Requirements for a Hardware Store Application

You are the owner of a hardware store and you need to keep an up-to-date inventory of the tools in stock. Write a program that initializes a random-access file hardware.dat to two hundred and fifty empty records. The program should allow you to:

  1. Write this program as an application.
  2. The application should use a menu bar and menu items to show the various options.
  3. Initialize the hardware.dat file to 250 empty records;
  4. Input the data concerning each tool;
  5. Delete a tool that you no longer carry;
  6. Update information on any tool that you carry;
  7. List all of the tools in your inventory;
  8. Present views for the various categories (e.g. lawn mowers) of tools that you carry.
  9. Add a shopping cart.
  10. Get Customer information
  11. Print an invoice which shows the customer selected items and the price for these items.
  12. The comments should be written in the style expected by javadoc.
    • javadoc style comments begin with /** and end with */.
    • For example, /** This is what a javadoc style comment looks like. */

Possible Approaches to Building an Application

When we look at the requirements (clues), a few items jump out at us.

  1. application - a program with a main() method
  2. views - ways to present the data
  3. inventory - implies persistent data
    • Data that is stored (written) to a storage device
    • Data that is retrieved (read) from a storage device
    • Means to manipulate (create, update, delete) the data

Over the years, I have seen various approaches to building an application. I will use the following simple approach. It combines a top-down and a bottom-up approach for getting to the solution. Templates allow us to solve this problem from a top down view. We will use a template for the application and one for the data.

   
/** this is a template for an application */

public MyApp extends JFrame {
   class level variables

   public MyApp() {
      ...
   }
 
   public static void main( String args[] ) {
      ...
   }

   private MyInner Classes() {
      ...
   }
}


and

/** this is a template for a file I/O class */ public MyRecord { class level variables public NewRec() { ... } public UpDateRec() { ... } public DeleteRec() { ... } public ReadRec() { ... } public WriteRec() { ... } public getVar1() { ... } public getVar2() { ... } public getVar3() { ... } public getVar_n() { ... } public setVar1() { ... } public setVar2() { ... } public setVar3() { ... } public setVar_n() { ... } }
Figure 1: Templates for applications and I/O class


There are several ways to design an application and a file I/O class. We will not explore those approaches for this tutorial. Some approaches put much of the application code in the main method.

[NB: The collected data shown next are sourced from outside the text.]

(* Centerlessness: a vector in both spans multiplies every generator tuple to 0,
   through [z in span (gen_other c)] if the other slots have class c, and through
   [z in Jspan c] otherwise. *)
Lemma Jspan_other_eq0 c z : Jspan c z -> dspan (gen_other c) z -> z = 0.
Proof.
move=> Hzc Hzo; apply: centerless => s; apply: prodsp_min => [|x Hx]; first exact: subspace_eq0.
set f := [ffun r => x (s r)]; pose rho := (s^-1 ord0)%g.
have Hfrho : f rho = z by rewrite /f ffunE /rho permKV; exact: (Hx ord0).
apply: (multilinear_span p_ml (Q := fun y => y = 0)
          (A := fun r => if r == rho then (fun y => y = z) else generator)).
- exact: subspace_eq0.
- by move=> r; case: eqP => [->|_]; [apply: spanS | exact: span_generators].
move=> g Hg; have Hgrho : g rho = z by have := Hg rho; rewrite eqxx.
have Hany r : r != rho -> generator (g r) by move=> /negbTE Hr; have := Hg r; rewrite Hr.
rewrite -(upd_id g rho) Hgrho; have [r' Hr'] := exists_neq_ord rho.
case: (classic (forall r, r != rho -> gen c (g r))) => [Hall|Hnot].
  elim: Hzo => [|y [c' Hc' Hy]|a y1 y2 _ H1 _ H2].
  - by apply: (multilinear_eq0 p_ml (r := rho)); rewrite ffunE eqxx.
  - apply: (prod_gen_mixed_eq0 (cf := fun r => if r == rho then c' else c) (r1 := rho) (r2 := r')).
      by move=> r; rewrite ffunE; case: eqP => [_|/eqP Hr] //; exact: Hall.
    by rewrite eqxx (negbTE Hr').
  - by rewrite p_ml H1 H2 scaler0 addr0.
have [r1 [Hr1 Hr1']] : exists r, r != rho /\ ~ gen c (g r).
  by apply: NNPP => H; apply: Hnot => r Hr; apply: NNPP => H'; apply: H; exists r.
elim: Hzc => [|y Hy|a y1 y2 _ H1 _ H2].
- by apply: (multilinear_eq0 p_ml (r := rho)); rewrite ffunE eqxx.
- apply: (prod_generators_mixed_eq0 (c := c) (r1 := rho) (r2 := r1)).
  + by move=> r; rewrite ffunE; case: eqP => [_|/eqP Hr]; [exists c | exact: Hany].
  + by rewrite ffunE eqxx.
  + by rewrite ffunE (negbTE Hr1).
- by rewrite p_ml H1 H2 scaler0 addr0.
Qed.

Definition Icls (c : I) : I -> Prop := fun i => cls i = c.
Definition Vcls (c : I) : L -> Prop := dspan (fun z => exists ix : {ffun 'I_n -> I},
  (forall r, cls (ix r) = c) /\ V z /\ z = p [ffun r => e (ix r)]).
Definition Jcls (c : I) : L -> Prop :=
  fun x => exists v w, Vcls c v /\ Wsp e (Icls c) w /\ x = v + w.

Lemma subspace_Jcls c : subspace (Jcls c).
Proof. by apply: subspace_add; exact: subspace_span. Qed.

Lemma Vcls_V c : dsubset (Vcls c) V.
Proof. by apply: span_min; [exact: subspaceV | move=> z [ix [_ []]]]. Qed.

Lemma Vcls_Jspan c : dsubset (Vcls c) (Jspan c).
Proof. by apply: span_mono => z [ix [Hcl [HV Ez]]]; subst z; exists (inr (c, ix)). Qed.

Lemma gen_V_Vcls c y : gen c y -> V y -> Vcls c y.
Proof.
move=> [[b|[c' ix]] [Hwf [/= Hc ->]]] /= HV; first by case: (e_notin_V HV).
by case: Hwf => _ Hcl; subst c'; apply: spanS; exists ix.
Qed.

Lemma Jcls_Jspan c x : Jcls c x <-> Jspan c x.
Proof.
split.
  move=> [v [w [Hv [Hw ->]]]]; apply: spanD; first exact: Vcls_Jspan.
  by apply: span_mono Hw => z [i [<- ->]]; exact: gen_e.
apply: span_min => [|z [[b|[c' ix]] [Hwf [/= <- ->]]]]; first exact: subspace_Jcls.
  exists 0, (e b); rewrite add0r; split; first exact: span0.
  by split => //; apply: spanS; exists b.
case: Hwf => HV Hcl; exists (p [ffun r => e (ix r)]), 0; rewrite addr0.
by split; [apply: spanS; exists ix | split => //; exact: span0].
Qed.

Lemma ideal_subspace (S T : L -> Prop) : ideal grade p S T -> subspace T.
Proof. by case=> [[]]. Qed.

Lemma ideal_prod (S T : L -> Prop) (g : {ffun 'I_n -> L}) rho :
  ideal grade p S T -> T (g rho) -> (forall r, S (g r)) -> T (p g).
Proof.
move=> [_ [_ Hid]] Hrho HS; pose s := tperm ord0 rho.
have -> : p g = p [ffun r => [ffun q => g (s q)] (s r)].
  by congr p; apply/ffunP => r; rewrite !ffunE tpermK.
apply: (Hid s); apply: mem_prodsp => r; rewrite ffunE.
case: (r =P ord0) => [->|Hr] /=; first by rewrite tpermL.
have -> : (nat_of_ord r == 0%N) = false by apply/negbTE/eqP => h; apply: Hr; apply: val_inj.
exact: HS.
Qed.

Definition aset (S : L -> Prop) (t : option I) := nonzero S /\ dsubset S (target t).

Lemma a_map_aset (s : 'S_n) (js : nat -> option I) t :
  a_map p e V (fun _ => True) s js t <-> aset (prodsp p (fun r => uV (js r)) s) t.
Proof. by case: t => [j|] /=; split => [[H1 H2]|[H1 H2]]; split => //; case: H2. Qed.

Lemma aset_eqset S1 S2 t : eqset S1 S2 -> aset S1 t -> aset S2 t.
Proof.
move=> E [[y [Hy Hnz]] Hs]; split; first by exists y; split => //; apply/E.
by move=> z /E; apply: Hs.
Qed.

Lemma aset_uniq S t1 t2 : aset S t1 -> aset S t2 -> t1 = t2.
Proof. by move=> [[y [Hy /eqP Hnz]] H1] [_ H2]; apply: (target_uniq Hnz (H1 _ Hy) (H2 _ Hy)). Qed.

(* mu-quasi-multiplicativity applied to mu(t, jbar_2, ..., jbar_n), where the j_r are
   the slots of A other than the slot rb of e_b, brought to the front by a transposition. *)
Lemma mu_move_front (A : 'I_n -> option I) (s : 'S_n) rb b t : A rb = Some b ->
  aset (prodsp p (fun r => uV (A r)) s) t ->
  exists (B : 'I_n -> option I) (s' : 'S_n), B ord0 = t /\
    (forall r, r != ord0 -> B r = A (tperm ord0 rb r)) /\
    prodsp p (fun r => uV (B r)) s' (e b).
Proof.
move=> HAb Hset; pose tau := tperm ord0 rb; pose Bf r := A (tau r).
pose js (q : nat) := if insub q.+1 is Some o then Bf o else None.
have Hocons x (r : 'I_n) : ocons x js r = if r == ord0 then x else Bf r.
  case: r => [[|q] Hq] //=; rewrite /js; case: insubP => [o _ Ho|]; last by rewrite Hq.
  by congr Bf; apply: val_inj.
have Hu : (fun r : 'I_n => uV (ocons (Some b) js r)) = (fun r : 'I_n => uV (Bf r)).
  apply: functional_extensionality => r; rewrite Hocons; case: eqP => [->|//].
  by rewrite /Bf /tau tpermL HAb.
have Hinj : inJ (fun _ => True) t by case: t {Hset}.
have Hinjs r : (r < n.-1)%N -> inJ (fun _ => True) (js r) by case: (js r).
have [|s' Hs'] := @muB false t true js b Hinj Hinjs Logic.I.
  exists (s * tau^-1)%g; split => // t'; rewrite a_map_aset Hu; split.
  - by move=> H; apply: (aset_uniq H); apply: aset_eqset Hset; exact: prodsp_reindex.
  - by move=> ->; apply: aset_eqset Hset; exact: prodsp_reindex.
exists (fun r => ocons t js r), s'; split => //; split => // r Hr.
by rewrite Hocons (negbTE Hr).
Qed.

Section IdealOfClass.
Variables (c : I) (T : L -> Prop).
Hypothesis T_ideal : ideal grade p (Jcls c) T.

Lemma ideal_prodsp_e a (A : 'I_n -> option I) r0 (s : 'S_n) :
  A r0 = Some a -> cls a = c -> T (e a) -> dsubset (prodsp p (fun r => uV (A r)) s) T.
Proof.
move=> HA Ha HTa; apply: prodsp_min => [|x Hx]; first exact: ideal_subspace T_ideal.
pose rho := (s^-1 r0)%g.
have Hf : [ffun r => x (s r)] rho = e a by rewrite ffunE /rho permKV; have := Hx r0; rewrite HA.
apply: (prod_slot_gen (c := c) (A := fun y => y = e a) (rho := rho)).
- exact: ideal_subspace T_ideal.
- by move=> y ->; rewrite -Ha; exact: gen_e.
- by rewrite Hf; apply: spanS.
move=> g Hg Hall; apply: (ideal_prod (rho := rho) T_ideal); first by rewrite Hg.
by move=> r; apply/Jcls_Jspan/spanS.
Qed.


Lemma ideal_line_e a (A : 'I_n -> option I) (s : 'S_n) r0 b :
  A r0 = Some a -> cls a = c -> T (e a) -> nonzero (prodsp p (fun r => uV (A r)) s) ->
  dsubset (prodsp p (fun r => uV (A r)) s) (line (e b)) -> T (e b).
Proof.
move=> HA Ha HTa [y [Hy /eqP Hnz]] Hl.
exact: subspace_line_e (ideal_subspace T_ideal) (ideal_prodsp_e HA Ha HTa Hy) (Hl _ Hy) Hnz.
Qed.

Lemma ideal_move_e a b (A : 'I_n -> option I) (s : 'S_n) rb :
  cls a = c -> T (e a) -> A rb = Some b -> nonzero (prodsp p (fun r => uV (A r)) s) ->
  (exists2 ra, ra != rb & A ra = Some a) \/ dsubset (prodsp p (fun r => uV (A r)) s) (line (e a)) ->
  T (e b).
Proof.
move=> Ha HTa HAb Hnz H.
have [t [Hset Ht]] : exists t, aset (prodsp p (fun r => uV (A r)) s) t /\
     (t = Some a \/ exists2 ra, ra != rb & A ra = Some a).
  case: H => [Hra|Hl]; last by exists (Some a); split => //; left.
  have [|t [Hsub _]] := @prodsp_target A s; first by exists rb; rewrite HAb.
  by exists t; split => //; right.
have [B [s' [HB0 [HBr He]]]] := mu_move_front HAb Hset.
case: Ht => [Eta|[ra Hra HAa]].
  by apply: (ideal_prodsp_e (A := B) (r0 := ord0) _ Ha HTa He); rewrite HB0 Eta.
apply: (ideal_prodsp_e (A := B) (r0 := tperm ord0 rb ra) _ Ha HTa He).
rewrite HBr ?tpermK //; apply: contra Hra => /eqP Hra0.
by have := congr1 (tperm ord0 rb) Hra0; rewrite tpermK tpermL => ->.
Qed.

I prefer to put the code in the classes and keep the main() methods as simple as possible. This approach allows us to test classes as stand-alone classes and integrate them more easily into more complex applications. For instance, I would never create a menu bar in the main method. I would create the menu bar in the class constructor or in a method called from within the class constructor. For enterprise level applications, I prefer to create a Menu class that contains minimal capability and then use inheritance and method overriding to tailor the subclass to fit our needs. I'll leave it to the reader to modify the code to change the affected method to a class and then use inheritance. Some of the more advanced readers may want to consider using an interface instead of a class, when doing the modification.

Before proceeding with the top-down approach, we will go to the bottom-up approach and design our data. Let's consider the following attributes to describe each tool:

  • record ID
  • tool type - e.g. hammer
  • brand name
  • description
  • part number
  • quantity
  • price


I cheated a little bit on the data requirements. In reality, the customer should be the one telling us what type of data he wants in to see in the hardware.dat file. So, let's assume that he did provide the requirements. If the customer does not know what he wants to see, you should propose a couple of layouts and let him choose. You may want to take him on the Internet, so he can see what layouts other hardware stores are using. This will give him something on which to base his decision. Assume that the customer has chosen a layout and the template for a file I/O class looks like this.
  
/** this is a template for a file I/O class */

public MyRecord  {
   private int recID;
   private String  toolType;
   private String  brandName;
   private String  toolDesc;
   private String  partNum;
   private int     quantity;
   private long    toolCost;
  
   public NewRec() {
      ...
   }

   public UpDateRec() {
      ...
   }

   public DeleteRec() {
      ...
   }

   public ReadRec() {
      ...
   }

   public WriteRec() {
      ...
   }

   public getVar1() {
      ...
   }


   public getVar2() {
      ...
   }

   public getVar_n() {
      ...
   }

   public setVar1() {
      ...
   }

   public setVar2() {
      ...
   }

   public setVar_n() {
      ...
   }


}
   
Figure 2: Templates I/O class


The access method will be random-access, so we will not be building a relational data base system, which would be beyond the scope of this tutorial. The design point becomes, "Do we put all of the tool types in one table or a table per tool type?" The next sections consider various design points.

Design Points

When we use the word template, we should think of a cookie cutter. Using a cookie cutter, I can repeatedly cut out cookies that all have the same attributes of size and shape. With a programming template, you can repeatedly cut out similar style programs, classes, methods and/or algorithms. The key is that these templates should be of high quality and have been successfully used in other projects.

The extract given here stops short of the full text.